Here, Plaintiffs allege the following facts: Defendants represented in their eBay advertisement that the 1970 Nova was "restored," had a "fresh" engine, and had "show quality" paint; Defendants represented to Plaintiffs in a phone conversation that the eBay advertisement was accurate; Defendants suggested that Plaintiffs speak to their employee, Travis, about the vehicle; the representations made by Travis; the approximate times of those representations; Plaintiffs had a right to rely on those representations; Plaintiffs were unaware of the falsity of the statements and reasonably relied on those representations when they entered into a sales agreement with Defendants on September 25, 2007; Defendants' representations were false and why they were false; Defendants knew or should have known that they were false; and Defendants engage in a pattern and practice of selling damaged or defective vehicles after misrepresenting the condition of the vehicles. Plaintiffs' Complaint articulates the "who, what, when, where, and how" of the alleged fraud. See Mitec Parnters, LLC v. U.S. Bank Nat. Ass'n, 605 F.3d 617, 622 (8th Cir. 2010) (citing Drobnak v. Andersen Corp., 561 F.3d 778, 783 (8th Cir. 2009)). Thus, Plaintiffs have sufficiently plead a claim for fraud in Missouri under the heightened pleading standard of Rule 9(b).

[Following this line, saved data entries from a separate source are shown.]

(* For a Markov category $\mathcal C$, the following are equivalent: (i) $\mathcal C$ is positive. (ii) For every deterministic morphism $p\colon A\to X$, its bloom $p_{\mathrm{ic}}=(p\otimes\mathrm{id}_A)\circ\mathrm{copy}_A\colon A\to X\otimes A$ is an initial dilation of $p$.
   Context: A Markov category is a symmetric monoidal category $(\mathcal C,\otimes,I)$ with commutative comonoids $\mathrm{copy}_X\colon X\to X\otimes X$, $\mathrm{del}_X\colon X\to I$ compatible with $\otimes$, with $I$ terminal. $f\colon A\to X$ is deterministic if $\mathrm{copy}_X\circ f=(f\otimes f)\circ\mathrm{copy}_A$. $\mathcal C$ is positive if for all $f\colon X\to Y$, $g\colon Y\to Z$ with $g\circ f$ deterministic, $(\mathrm{id}_Y\otimes g)\circ\mathrm{copy}_Y\circ f=(f\otimes (g\circ f))\circ\mathrm{copy}_X$. A dilation of $p\colon A\to X$ is $\pi\colon A\to X\otimes E$ with $(\mathrm{id}_X\otimes\mathrm{del}_E)\circ\pi=p$. For a dilation $\pi\colon A\to X\otimes E$ and $f_1,f_2\colon E\to E'$, these are $\pi$-dilationally equal if for every dilation $\rho\colon A\to X\otimes E\otimes F$ of $\pi$, $(\mathrm{id}_X\otimes f_1\otimes\mathrm{id}_F)\circ\rho=(\mathrm{id}_X\otimes f_2\otimes\mathrm{id}_F)\circ\rho$. A dilation $\pi\colon A\to X\otimes E$ of $p$ is initial if for every dilation $\pi'\colon A\to X\otimes E'$ of $p$ there is $f\colon E\to E'$ with $(\mathrm{id}_X\otimes f)\circ\pi=\pi'$, unique up to $\pi$-dilational equality. *)

Set Implicit Arguments.
Unset Strict Implicit.

Record Category := {
  ob :> Type;
  hom : ob -> ob -> Type;
  comp : forall A B C : ob, hom B C -> hom A B -> hom A C;
  idm : forall A : ob, hom A A;
  comp_id_l : forall A B (f : hom A B), comp (idm B) f = f;
  comp_id_r : forall A B (f : hom A B), comp f (idm A) = f;
  comp_assoc : forall A B C D (f : hom A B) (g : hom B C) (h : hom C D),
      comp h (comp g f) = comp (comp h g) f
}.
Arguments hom {c} _ _.
Arguments comp {c A B C} _ _.
Arguments idm {c} A.

Declare Scope cat_scope.
Local Open Scope cat_scope.
Notation "g \o f" := (comp g f) (at level 40, left associativity) : cat_scope.

Record SymMonoidal (C : Category) := {
  tens : C -> C -> C;
  tensm : forall (A B A' B' : C), hom A B -> hom A' B' -> hom (tens A A') (tens B B');
  unitI : C;
  tens_id : forall A B : C, tensm (idm A) (idm B) = idm (tens A B);
  tens_comp : forall (A B D A' B' D' : C) (f : hom A B) (g : hom B D)
                (f' : hom A' B') (g' : hom B' D'),
      tensm (g \o f) (g' \o f') = tensm g g' \o tensm f f';
  assoc : forall A B D : C, hom (tens (tens A B) D) (tens A (tens B D));
  assoc_inv : forall A B D : C, hom (tens A (tens B D)) (tens (tens A B) D);
  lunit : forall A : C, hom (tens unitI A) A;
  lunit_inv : forall A : C, hom A (tens unitI A);
  runit : forall A : C, hom (tens A unitI) A;
  runit_inv : forall A : C, hom A (tens A unitI);
  swap : forall A B : C, hom (tens A B) (tens B A);
  assoc_iso1 : forall A B D, assoc_inv A B D \o assoc A B D = idm _;
  assoc_iso2 : forall A B D, assoc A B D \o assoc_inv A B D = idm _;
  lunit_iso1 : forall A, lunit_inv A \o lunit A = idm _;
  lunit_iso2 : forall A, lunit A \o lunit_inv A = idm _;
  runit_iso1 : forall A, runit_inv A \o runit A = idm _;
  runit_iso2 : forall A, runit A \o runit_inv A = idm _;
  swap_invol : forall A B, swap B A \o swap A B = idm _;
  assoc_nat : forall A B D A' B' D' (f : hom A A') (g : hom B B') (h : hom D D'),
      assoc A' B' D' \o tensm (tensm f g) h = tensm f (tensm g h) \o assoc A B D;
  lunit_nat : forall A B (f : hom A B), lunit B \o tensm (idm unitI) f = f \o lunit A;
  runit_nat : forall A B (f : hom A B), runit B \o tensm f (idm unitI) = f \o runit A;
  swap_nat : forall A B A' B' (f : hom A A') (g : hom B B'),
      swap A' B' \o tensm f g = tensm g f \o swap A B;
  pentagon : forall A B D E,
      assoc A B (tens D E) \o assoc (tens A B) D E
      = tensm (idm A) (assoc B D E) \o assoc A (tens B D) E \o tensm (assoc A B D) (idm E);
  triangle : forall A B,
      tensm (idm A) (lunit B) \o assoc A unitI B = tensm (runit A) (idm B);
  hexagon : forall A B D,
      assoc B D A \o swap A (tens B D) \o assoc A B D
      = tensm (idm B) (swap A D) \o assoc B A D \o tensm (swap A B) (idm D)
}.
Arguments tens {C} _ _ _.
Arguments tensm {C} _ {A B A' B'} _ _.
Arguments unitI {C} _.
Arguments assoc {C} _ A B D.
Arguments assoc_inv {C} _ A B D.
Arguments lunit {C} _ A.
Arguments lunit_inv {C} _ A.
Arguments runit {C} _ A.
Arguments runit_inv {C} _ A.
Arguments swap {C} _ A B.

B. Negligent Misrepresentation

The elements of a claim for negligent misrepresentation are:

(1) the speaker supplied information in the course of his business; (2) because of a failure by the speaker to exercise reasonable care, the information was false; (3) the information was intentionally provided by the speaker for the guidance of a limited group of persons in a particular business transaction; (4) the listener justifiably relied on the information; and (5) due to the listener's justified reliance on the information, the listener suffered a pecuniary loss.
Ryann Spencer Grp., Inc. v. Assurance Co. of Am., 275 S.W.3d 284, 289 (Mo. Ct. App. 2008) (citing Colgan v. Wash. Realty Co., 879 S.W.2d 686, 689 (Mo. Ct. App. 1994)).

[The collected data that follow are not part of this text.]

(* For any $\beta\in(0,1)$ and any $b>0$, there exists a sequence of random variables $(X_n)_{n\ge 1}$ on some probability space such that (1) $n^\beta X_n \to 0$ in probability, (2) $|X_n|\le b$ almost surely for all $n$, and (3) the sequence $(n^\beta \bar X_n)_{n\ge1}$ is not uniformly tight, where $\bar X_n := \frac1n\sum_{i=1}^n X_i$. In particular, $n^\beta X_n\to 0$ in probability does not imply $n^\beta\bar X_n\to 0$ in probability.
   Context: A sequence of real random variables $(Z_n)_{n\ge1}$ is uniformly tight if for every $\varepsilon>0$ there exists $M<\infty$ with $\sup_n \Pr(|Z_n|>M)<\varepsilon$. $\bar X_n$ denotes the Cesàro mean $\frac1n\sum_{i=1}^n X_i$. *)

From HB Require Import structures.
From mathcomp Require Import all_boot all_order all_algebra.
From mathcomp Require Import all_classical all_reals all_analysis.
Set Implicit Arguments. Unset Strict Implicit. Unset Printing Implicit Defensive.
Import Order.TTheory GRing.Theory Num.Theory.
Import numFieldNormedType.Exports.
Local Open Scope classical_set_scope.
Local Open Scope ring_scope.

(* Sequences are indexed by n >= 1; values at index 0 are irrelevant. *)

Definition cvg_in_prob0 {d} {T : measurableType d} {R : realType}
  (P : probability T R) (Z : nat -> T -> R) : Prop :=
  forall eps : R, 0 < eps ->
    (fun n => P [set w | eps < `|Z n w|]) @ \oo --> 0%E.

Definition uniformly_tight {d} {T : measurableType d} {R : realType}
  (P : probability T R) (Z : nat -> T -> R) : Prop :=
  forall eps : R, 0 < eps -> exists M : R,
    (ereal_sup [set P [set w | (M < `|Z n w|)%R] | n in [set n : nat | (0 < n)%N]]
      < eps%:E)%E.

Definition cesaro_mean {T : Type} {R : realType} (X : nat -> T -> R) (n : nat) : T -> R :=
  fun w => (\sum_(1 <= i < n.+1) X i w) / n%:R.

(* The sample space is [0,1] with the uniform law and X_n = b * 1_{I_n}, where
   the closed intervals I_n sweep [0,1] ever more finely.  Time is cut into
   consecutive blocks; block k is cut into k+1 runs of a common length L_k,
   and during run j of block k the interval is I_n = [j/(k+1), (j+1)/(k+1)].
   - If n lies in block k then P(X_n <> 0) <= 1/(k+1); since the block index
     tends to infinity, every rescaling c_n X_n tends to 0 in probability.
   - At the last time n of block k, each w in [0,1] lies in the interval of
     some run, so X_i(w) = b for L_k indices i <= n and n * mean_n(w) >= L_k b.
     Taking L_k at least the start of block k (so that n <= (k+2) L_k) and so
     large that n^beta >= (k+1)(k+2) gives n^beta mean_n >= (k+1) b on [0,1].
   Hence P(n^beta |mean_n| > M) = 1 for some n, whatever M. *)

From HB Require Import structures.
From mathcomp Require Import all_boot all_order all_algebra.
From mathcomp Require Import all_classical all_reals all_analysis.
From mathcomp Require Import measurable_realfun.
From mathcomp Require Import zify.
Set Implicit Arguments. Unset Strict Implicit. Unset Printing Implicit Defensive.
Import Order.TTheory GRing.Theory Num.Theory.
Local Open Scope classical_set_scope.
Local Open Scope ring_scope.

Section Blocks.
Variable min_len : nat -> nat.

(* Block k starts at [block_start k] and is made of k+1 runs of length
   [run_len k]; block 0 starts at time 1.  The run length exceeds both
   [min_len k] and the start of the block, so that the whole block has length
   comparable to a single run times the number of runs. *)
Fixpoint block_start (k : nat) : nat :=
  if k is k'.+1 then
    (block_start k' + k'.+1 * (block_start k' + min_len k' + 1))%N
  else 1%N.

Definition run_len (k : nat) : nat := (block_start k + min_len k + 1)%N.

Lemma block_startS k : block_start k.+1 = (block_start k + k.+1 * run_len k)%N.
Proof. by []. Qed.

Lemma block_start_gt0 k : (0 < block_start k)%N.
Proof. by elim: k => //= k IH; lia. Qed.

Lemma block_start_lt k : (block_start k < block_start k.+1)%N.
Proof. rewrite block_startS /run_len; lia. Qed.

Lemma block_start_mono : {homo block_start : i j / (i <= j)%N}.
Proof. by apply: homo_leq leqnn leq_trans _ => k; exact/ltnW/block_start_lt. Qed.

(* [block n] is the index of the block containing n (time 0 goes to block 0). *)
Fixpoint block (n : nat) : nat :=
  if n is n'.+1 then
    if (block_start (block n').+1 <= n'.+1)%N then (block n').+1 else block n'
  else 0%N.

Lemma block_spec n :
  (block_start (block n) <= maxn n 1)%N /\ (n < block_start (block n).+1)%N.
Proof.
elim: n => [|n [lo hi]]; first by split => //=; lia.
have := block_startS (block n); rewrite /run_len => e.
have next := block_start_lt (block n).+1.
by rewrite [block n.+1]/=; case: ifPn => h; split; lia.
Qed.

Lemma block_geq K n : (block_start K <= n)%N -> (K <= block n)%N.
Proof.
move=> h; rewrite leqNgt; apply/negP => /block_start_mono.
by have [_] := block_spec n; lia.
Qed.

Lemma block_eq k i :
  (block_start k <= i < block_start k.+1)%N -> block i = k.
Proof.
move=> /andP[lo hi]; have := block_start_gt0 k.
have [lo' hi'] := block_spec i.
by case: (ltngtP (block i) k) => // /block_start_mono; lia.
Qed.

Lemma block_cvg : block @ \oo --> \oo.
Proof.
apply/cvgnyPge => K; near=> n; apply: block_geq.
by near: n; exact: nbhs_infty_ge.
Unshelve. all: by end_near.
Qed.

Definition run (n : nat) : nat :=
  ((n - block_start (block n)) %/ run_len (block n))%N.

Lemma run_in_block k j : (j <= k)%N ->
  (block_start k + j * run_len k + run_len k <= block_start k.+1)%N.
Proof.
move=> jk; rewrite block_startS -addnA leq_add2l.
by rewrite addnC -mulSn leq_mul2r ltnS jk orbT.
Qed.

Lemma block_run k j i : (j <= k)%N ->
  (block_start k + j * run_len k <= i < block_start k + j * run_len k + run_len k)%N ->
  block i = k /\ run i = j.
Proof.
move=> jk /andP[lo hi]; have run_end := run_in_block jk.
have bi : block i = k.
  by apply: block_eq; apply/andP; split; lia.
split=> //; rewrite /run bi.
have -> : (i - block_start k = j * run_len k + (i - block_start k - j * run_len k))%N.
  by lia.
rewrite divnMDl; last by rewrite /run_len; lia.
by rewrite divn_small ?addn0 //; lia.
Qed.

Lemma block_end_bounds k :
  (0 < (block_start k.+1).-1)%N /\ (min_len k <= (block_start k.+1).-1)%N /\
  ((block_start k.+1).-1 <= k.+2 * run_len k)%N.
Proof.
have := block_start_gt0 k; rewrite block_startS /run_len => h.
by split; [|split]; lia.
Qed.

End Blocks.

Section RealFacts.
Variable R : realType.

Lemma unit_interval_cover (k : nat) (w : R) : 0 <= w <= 1 ->
  exists2 j, (j <= k)%N & j%:R / k.+1%:R <= w <= j.+1%:R / k.+1%:R.
Proof.
move=> /andP[w0 w1]; set x := w * k.+1%:R.
have x0 : 0 <= x by rewrite /x mulr_ge0.
have /andP[t1 t2] := truncn_itv x0.
have k0 : 0 < k.+1%:R :> R by rewrite ltr0n.
case: (leqP (Num.truncn x) k) => h.
- exists (Num.truncn x) => //.
  by rewrite !ler_pdivrMr // ler_pdivlMr // -/x t1 ltW.
- exists k => //.
  rewrite ler_pdivrMr // divff ?gt_eqF // w1 andbT -/x.
  by apply: le_trans t1; rewrite ler_nat ltnW.
Qed.

Definition pow_threshold (beta c : R) : nat := (Num.truncn (c `^ beta^-1)).+1.

Lemma pow_threshold_le (beta c : R) (n : nat) : 0 < beta -> 0 <= c ->
  (pow_threshold beta c <= n)%N -> c <= n%:R `^ beta.
Proof.
move=> beta0 c0 hn.
have -> : c = (c `^ beta^-1) `^ beta by rewrite -powRrM mulVf ?gt_eqF ?powRr1.
apply: ge0_ler_powR; first exact: ltW.
- by rewrite nnegrE powR_ge0.
- by rewrite nnegrE.
by apply/ltW/(lt_le_trans (truncnS_gt _)); rewrite ler_nat.
Qed.

End RealFacts.

Section UniformUnitInterval.
Variable R : realType.

Definition unif01 : probability (measurableTypeR R) R := uniform_prob (@ltr01 R).

Lemma unif01_unit : unif01 `[0, 1]%classic = 1%:E.
Proof. exact: integral_uniform_pdf1. Qed.

Lemma unif01_itv (x y : R) : x <= y -> (unif01 `[x, y]%classic <= (y - x)%:E)%E.
Proof.
move=> xy; have mI : measurable (`[x, y]%classic : set (measurableTypeR R)).
  exact: measurable_itv.
apply: (@le_trans _ _ (\int[lebesgue_measure]_(w in `[x, y]%classic) (cst 1%:E w))%E).
  apply: ge0_le_integral => //.
  - by move=> w _; rewrite lee_fin uniform_pdf_ge0.
  - apply/measurable_EFinP; apply: measurable_funTS; exact: measurable_uniform_pdf.
  - move=> w _; rewrite /uniform_pdf lee_fin; case: ifP => // _.
    by rewrite subr0 invr1.
rewrite integral_cst // mul1e.
apply: (@le_trans _ _ (lebesgue_measure ([set` `[x, y]] : set R))) => //.
by rewrite lebesgue_measure_itv /=; case: ifPn => _; rewrite -?EFinD lee_fin ?subr_ge0.
Qed.

End UniformUnitInterval.

Lemma measurable_norm_gt d (T : measurableType d) (R : realType) (f : T -> R)
  (M : R) : measurable_fun setT f -> measurable [set w | M < `|f w|].
Proof.
move=> mf; have mnf : measurable_fun setT (fun w => `|f w|).
  exact: measurableT_comp (@normr_measurable _ _) mf.
have := mnf measurableT `]M, +oo[%classic (measurable_itv _).
rewrite setTI; congr measurable.
by apply/seteqP; split => w /=; rewrite in_itv /= andbT.
Qed.

Section Sweep.
Variables (R : realType) (beta b : R).

(* Run lengths of block k are at least the time from which n^beta >= (k+1)(k+2). *)
Definition sweep_len (k : nat) : nat := pow_threshold beta (k.+1 * k.+2)%:R.

Local Notation blk := (block sweep_len).
Local Notation rn := (run sweep_len).

Definition sweep_itv (n : nat) : set (measurableTypeR R) :=
  `[(rn n)%:R / (blk n).+1%:R, (rn n).+1%:R / (blk n).+1%:R]%classic.

Lemma measurable_sweep_itv n : measurable (sweep_itv n).
Proof. exact: measurable_itv. Qed.

Definition sweep (n : nat) : {RV unif01 R >-> R} :=
  scale_mfun b (indic_mfun (sweep_itv n) (measurable_sweep_itv n)).

Lemma sweepE n w : sweep n w = \1_(sweep_itv n) w * b.
Proof. by []. Qed.

Lemma sweep_ge0 n w : 0 <= b -> 0 <= sweep n w.
Proof. by move=> b0; rewrite sweepE mulr_ge0. Qed.

Lemma sweep_bounded n w : 0 <= b -> `|sweep n w| <= b.
Proof.
move=> b0; rewrite sweepE indicE.
by case: (w \in _); rewrite ?mul1r ?mul0r ?normr0 ?ger0_norm.
Qed.

Lemma sweep_on n w : w \in sweep_itv n -> sweep n w = b.
Proof. by rewrite sweepE indicE => ->; rewrite mul1r. Qed.

Lemma prob_sweep_itv n : (unif01 R (sweep_itv n) <= ((blk n).+1%:R^-1)%:E)%E.
Proof.
have m0 : 0 < (blk n).+1%:R :> R by rewrite ltr0n.
apply: le_trans (unif01_itv _) _; first by rewrite ler_pM2r ?invr_gt0 // ler_nat.
by rewrite lee_fin -mulrBl -natr1 addrAC subrr add0r mul1r.
Qed.

Lemma rescaled_sweep_cvg_in_prob0 (c : nat -> R) :
  cvg_in_prob0 (unif01 R) (fun n w => c n * sweep n w).
Proof.
move=> eps eps0.
apply: (@squeeze_cvge _ _ _ _ (fun=> 0%E) _ (fun n => ((blk n).+1%:R^-1)%:E)).
- near=> n; rewrite measure_ge0 andTb; apply: le_trans (prob_sweep_itv n).
  apply: le_measure; rewrite ?inE.
  + by apply: measurable_norm_gt; apply: measurable_funM.
  + exact: measurable_sweep_itv.
  + move=> w /=; rewrite mindicE.
    case: (boolP (w \in _)) => [/set_mem //|_].
    by rewrite mul0r mulr0 normr0 ltNge (ltW eps0).
- exact: cvg_cst.
- exact: (cvg_comp _ _ (block_cvg _) cvge_harmonic).
Unshelve. all: by end_near.
Qed.

(* At the end of block k, each w in [0,1] has been covered by a whole run. *)
Lemma sweep_sum_end_of_block k w : 0 <= b -> 0 <= w <= 1 ->
  (run_len sweep_len k)%:R * b <=
    \sum_(1 <= i < block_start sweep_len k.+1) sweep i w.
Proof.
move=> b0 /(unit_interval_cover k) [j jk wj].
set L := run_len sweep_len k.
set a := (block_start sweep_len k + j * L)%N.
have on_run i : (a <= i < a + L)%N -> sweep i w = b.
  move=> /(block_run jk) [bi ri]; apply: sweep_on.
  by rewrite inE /sweep_itv /= in_itv /= bi ri.
have a1 : (1 <= a)%N by have := block_start_gt0 sweep_len k; lia.
have aL : (a + L <= block_start sweep_len k.+1)%N by exact: run_in_block.
rewrite (big_cat_nat a1 (leq_trans (leq_addr L a) aL)).
rewrite (big_cat_nat (leq_addr L a) aL) /= (eq_big_nat _ _ on_run).
rewrite sumr_const_nat addKn mulr_natl.
by rewrite ler_wpDl ?ler_wpDr //; apply: sumr_ge0 => i _; exact: sweep_ge0.
Qed.

Lemma scaled_mean_end_of_block k w : 0 < beta -> 0 <= b -> 0 <= w <= 1 ->
  k.+1%:R * b <= ((block_start sweep_len k.+1).-1)%:R `^ beta *
    cesaro_mean (fun i t => sweep i t) (block_start sweep_len k.+1).-1 w.
Proof.
move=> beta0 b0 w01.
have [n0 [nmin nmax]] := block_end_bounds sweep_len k.
have sum_ge := sweep_sum_end_of_block k b0 w01.
rewrite -(prednK (block_start_gt0 sweep_len k.+1)) in sum_ge.
set n := (block_start _ k.+1).-1 in n0 nmin nmax sum_ge *.
set L := run_len sweep_len k in nmax sum_ge *.
have pow_ge : (k.+1 * k.+2)%:R <= n%:R `^ beta.
  exact: pow_threshold_le beta0 (ler0n _ _) nmin.
have n_gt0 : 0 < n%:R :> R by rewrite ltr0n.
rewrite /cesaro_mean mulrA ler_pdivlMr //.
apply: (@le_trans _ _ ((k.+1 * k.+2)%:R * (L%:R * b))); last first.
  by apply: ler_pM => //; rewrite mulr_ge0.
rewrite natrM -!mulrA ler_wpM2l // [b * _]mulrC mulrA ler_wpM2r //.
by rewrite -natrM ler_nat.
Qed.

(* Taking k > M / b, the event {M < n^beta |mean_n|} at the end of block k
   contains [0,1], hence has probability 1. *)
Lemma sweep_not_tight : 0 < beta -> 0 < b ->
  ~ uniformly_tight (unif01 R)
      (fun n w => n%:R `^ beta * cesaro_mean (fun i t => sweep i t) n w).
Proof.
move=> beta0 b0 /(_ 1 ltr01) [M]; rewrite ltNge => /negP; apply.
set k := Num.truncn (M / b).
have Mk : M < k.+1%:R * b by rewrite -ltr_pdivrMr // truncnS_gt.
have [n0 _] := block_end_bounds sweep_len k.
rewrite -(unif01_unit R); apply: le_trans (ereal_sup_ubound _); last first.
  by exists (block_start sweep_len k.+1).-1.
apply: le_measure; rewrite ?inE.
- exact: measurable_itv.
- apply: measurable_norm_gt; apply: measurable_funM => //.
  apply: measurable_funM => //; apply: measurable_sum => i.
  exact: measurable_funM.
- move=> w; rewrite /= in_itv /= => /(scaled_mean_end_of_block k beta0 (ltW b0)).
  by move=> /(lt_le_trans Mk) Mlt; exact: lt_le_trans Mlt (ler_norm _).
Qed.

End Sweep.

Theorem proposition1 (R : realType) (beta b : R) (hb0 : 0 < beta) (hb1 : beta < 1)
  (hb : 0 < b) :
  exists (d : measure_display) (T : measurableType d) (P : probability T R)
         (X : nat -> {RV P >-> R}),
    cvg_in_prob0 P (fun n w => (n%:R `^ beta) * X n w) /\
    (forall n : nat, (0 < n)%N -> {ae P, forall w, `|X n w| <= b}) /\
    ~ uniformly_tight P (fun n w => (n%:R `^ beta) * cesaro_mean (fun (i : nat) (t : T) => X i t) n w).
Proof.
exists _, (measurableTypeR R), (unif01 R), (sweep beta b).
split; [|split].
- exact: rescaled_sweep_cvg_in_prob0.
- by move=> n _; apply: aeW => w; exact/sweep_bounded/ltW.
- exact: sweep_not_tight.
Qed.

Defendants argue that Plaintiffs could not have justifiably relied on Defendants' alleged statements in the eBay advertisement because (1) the statements were opinions and not facts, and (2) Plaintiffs had been repeatedly warned that the car was sold "as is," that the perception of the condition of "old cars" varied among purchasers, that Plaintiffs should conduct an on-sight inspection before purchase, and that Plaintiffs acknowledged these warnings. Just as how Defendants argued that Plaintiffs failed to state a claim of fraud, whether Plaintiffs justifiably relied upon Defendants' representations is a factual issue, which the Court declines to decide on a motion to dismiss.

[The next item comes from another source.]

(* Let $(\Omega,Z)$, with $\Omega:[0,1]\times[t_0,\infty)\to\mathbb{R}^2$ and $Z:[t_0,\infty)\to\mathbb{R}^n$, be a (classical) solution of the target system \begin{align*} \partial_t \Omega(x,t) &= E\,\partial_x^2 \Omega(x,t), && x\in(0,1),\\ \dot Z(t) &= (A+B\Gamma_0)Z(t) + B\Theta\,\Omega(0,t),\\ \alpha\,\partial_x\Omega(0,t) &= -\beta\,\Omega(0,t),\\ \Omega(1,t) &= 0 . \end{align*} Then the trivial solution $(\Omega,Z)\equiv 0$ is exponentially stable in the $L^2\times\mathbb{R}^n$ norm: there exist constants $\Pi,\mu>0$, independent of the solution, such that for all $t\ge t_0$ $$\|(\Omega(\cdot,t),Z(t))\|\le \Pi\, e^{-\mu(t-t_0)}\,\|(\Omega(\cdot,t_0),Z(t_0))\|.$$
   Context: Fix $\varepsilon>0$ and $y_0\in(-1,0)$. Set $\varepsilon_1=\varepsilon/(1+y_0)^2$, $\varepsilon_2=\varepsilon/(1-y_0)^2$ (so $\varepsilon_1>\varepsilon_2>0$), $a=(1+y_0)/(1-y_0)\in(0,1)$, $E=\mathrm{diag}(\varepsilon_1,\varepsilon_2)$, $\alpha=\begin{pmatrix}1&a\\0&0\end{pmatrix}$, $\beta=\begin{pmatrix}0&0\\1&-1\end{pmatrix}$, and $\Theta=(\theta,\ 1-\theta)$ for a fixed $\theta\in[0,1]$. Thus the boundary condition at $x=0$ means $\partial_x\Omega_1(0,t)+a\,\partial_x\Omega_2(0,t)=0$ and $\Omega_1(0,t)=\Omega_2(0,t)$. $A\in\mathbb{R}^{n\times n}$, $B\in\mathbb{R}^{n\times 1}$, and $\Gamma_0\in\mathbb{R}^{1\times n}$ is such that $A+B\Gamma_0$ is Hurwitz. For $f\in L^2(0,1;\mathbb{R}^2)$ and $v\in\mathbb{R}^n$, $\|(f,v)\|=\big(\|f\|_{L^2}^2+|v|_2^2\big)^{1/2}$ with $\|f\|_{L^2}^2=\int_0^1|f(x)|_2^2dx$. *)

From Stdlib Require Import Reals Lra.
Open Scope R_scope.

Moreover, Plaintiffs specifically allege that Defendants did not examine the 1970 Nova to verify its condition prior to the creation of the eBay advertisement, which adequately supports their claim that Defendants failed to exercise reasonable care when representing the vehicle. This, coupled with the factual allegations supporting Plaintiffs' fraud claim, sustain a plausible claim of negligent misrepresentation. See Ryann Spencer Grp., Inc. v. Assurance Co. of Am., 275 S.W.3d 284, 290-91 (Mo. Ct. App. 2008) (quoting Jim Lynch Cadillac, Inc. v. Nissan Motor Acceptance Corp., 896 S.W.2d 704, 707 (Mo. Ct. App. 1995)) ("The main difference between fraudulent misrepresentation and negligent misrepresentation, is that fraudulent misrepresentation requires proof that the defendant knew the statement was untrue or was reckless as to whether the statement was true or false, while negligent misrepresentation only requires that the defendant failed to exercise reasonable care or competence to obtain or communicate true information.").

C. Breaches of Implied and Express Warranties under Missouri Law and the Magnuson-Moss Warranty Act

Defendants primarily argue that Plaintiffs' complaints of breaches of implied and express warranties under state law and the Magnuson-Moss Warranty Act, 15 U.S.C. §§ 2310- 2312, fail to state claims because Defendants had stated nothing more than their opinion throughout the sales transaction and had sold the 1970 Nova "as is." However, whether (1) Defendants' statements are mere opinion, and (2) Defendants' disclaimer of both implied and express warranties is valid and, if so, its scope, all involve questions of fact and will not be adjudicated by the Court at this stage of litigation. Plaintiffs sufficiently pled their claims when they alleged that "Defendants' representations at the time of the sale" constituted the express and implied warranties, how those warranties were breached, and the harm they incurred.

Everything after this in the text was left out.